**Problem to work on**
For this exercise, write out exactly the lines from the line containing "have [p p_gt" through the last line of the records, and no other lines.

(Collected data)
Definition marked b w (P : nat -> nat -> mark) (m : mark) :=
  [seq x <- box b w | mark_eqb (P x.1 x.2) m].

Lemma mark_eqbP x y : reflect (x = y) (mark_eqb x y).
Proof. by case: x; case: y; constructor. Qed.

Lemma mem_box b w x : (x \in box b w) = (1 <= x.1 <= w) && (1 <= x.2 <= w ^ b).
Proof.
case: x => r s; apply/allpairsP/andP => [[[r' s'] /= [+ + [-> ->]]] | [? ?]].
  by rewrite !mem_iota !add1n !ltnS.
by exists (r, s); rewrite /= !mem_iota !add1n !ltnS.
Qed.

Lemma mem_marked b w P m x :
  x \in marked b w P m <-> in_box b w x.1 x.2 /\ P x.1 x.2 = m.
Proof.
rewrite mem_filter mem_box /in_box.
by split=> [/andP[/mark_eqbP -> /andP[-> ->]] | [[-> ->] /mark_eqbP ->]].
Qed.

Lemma marked_uniq b w P m : uniq (marked b w P m).
Proof.
by rewrite filter_uniq // allpairs_uniq ?iota_uniq // => -[? ?] [? ?] _ _ [-> ->].
Qed.

Definition residue b m (x : nat * nat) := (x.1 %% m, x.2 %% m ^ b).

Definition residues b m : seq (nat * nat) :=
  [seq (i, j) | i <- iota 0 m, j <- iota 0 (m ^ b)].

Lemma mem_residues b m ij : (ij \in residues b m) = (ij.1 < m) && (ij.2 < m ^ b).
Proof.
case: ij => i j; apply/allpairsP/andP => [[[i' j'] /= [+ + [-> ->]]] | [? ?]].
  by rewrite !mem_iota.
by exists (i, j); rewrite /= !mem_iota.
Qed.

Lemma residue_id b m ij : ij \in residues b m -> residue b m ij = ij.
Proof.
by case: ij => i j; rewrite mem_residues => /andP[? ?]; rewrite /residue !modn_small.
Qed.

Lemma complete_rectangle_of_cover b m (C : seq (nat * nat)) :
  (forall x, x \in C -> 1 <= x.1 /\ 1 <= x.2) ->
  {subset residues b m <= map (residue b m) C} ->
  exists2 S, complete_rectangle b m S & {subset S <= C}.
Proof.
move=> C_pos cover; pose pre ij := nth (0, 0) C (index ij (map (residue b m) C)).
have pre_idx ij : ij \in residues b m -> index ij (map (residue b m) C) < size C.
  by move/cover; rewrite -index_mem size_map.
have pre_in ij : ij \in residues b m -> pre ij \in C by move/pre_idx; exact: mem_nth.
have res_pre ij : ij \in residues b m -> residue b m (pre ij) = ij.
  by move=> ijR; rewrite -(nth_map _ (0, 0)) ?pre_idx ?nth_index ?cover.
exists (map pre (residues b m)); last by move=> _ /mapP[ij ijR ->]; exact: pre_in.
split.
- rewrite map_inj_in_uniq ?allpairs_uniq ?iota_uniq //.
    by move=> -[? ?] [? ?] _ _ [-> ->].
  by move=> ij ij' ijR ij'R eq_pre; rewrite -(res_pre _ ijR) -(res_pre _ ij'R) eq_pre.
- by rewrite size_map size_allpairs !size_iota expnS.
- by move=> _ /mapP[ij ijR ->]; exact/C_pos/pre_in.
- move=> i j i_lt j_lt.
  have ijR : (i, j) \in residues b m by rewrite mem_residues /= i_lt.
  by exists (pre (i, j)); [exact: map_f | case: (res_pre _ ijR)].
Qed.

Definition missing_residue b m C : nat * nat :=
  nth (0, 0) (residues b m) (find [predC map (residue b m) C] (residues b m)).

Lemma missing_residueP b m C :
  (forall x, x \in C -> 1 <= x.1 /\ 1 <= x.2) ->
  ~ (exists2 S, complete_rectangle b m S & {subset S <= C}) ->
  residue b m (missing_residue b m C) \notin map (residue b m) C.
Proof.
move=> C_pos no_rect.
have miss : has [predC map (residue b m) C] (residues b m).
  rewrite has_predC; apply/negP => /allP cover.
  exact/no_rect/complete_rectangle_of_cover.
by rewrite residue_id ?mem_nth -?has_find //; exact: (nth_find _ miss).
Qed.

Lemma exists_primes_above w n :
  exists s : seq nat, [/\ size s = n, uniq s & all (fun p => prime p && (w < p)) s].
Proof.
elim: n => [|n [s [s_size s_uniq s_pr]]]; first by exists [::].
have [p p_gt p_pr] := prime_above (w + \max_(k <- s) k).
exists (p :: s); rewrite /= s_size s_uniq s_pr p_pr (leq_ltn_trans (leq_addr _ w) p_gt).
split=> //; rewrite andbT; apply/negP => ps.
have := leq_ltn_trans (leq_addl w _) p_gt.
by rewrite ltnNge (leq_bigmax_seq _ ps isT).
Qed.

**Solved problem**
have [p p_gt p_pr] := prime_above (w + \max_(k <- s) k).
exists (p :: s); rewrite /= s_size s_uniq s_pr p_pr (leq_ltn_trans (leq_addr _ w) p_gt).
split=> //; rewrite andbT; apply/negP => ps.
have := leq_ltn_trans (leq_addl w _) p_gt.
by rewrite ltnNge (leq_bigmax_seq _ ps isT).
Qed.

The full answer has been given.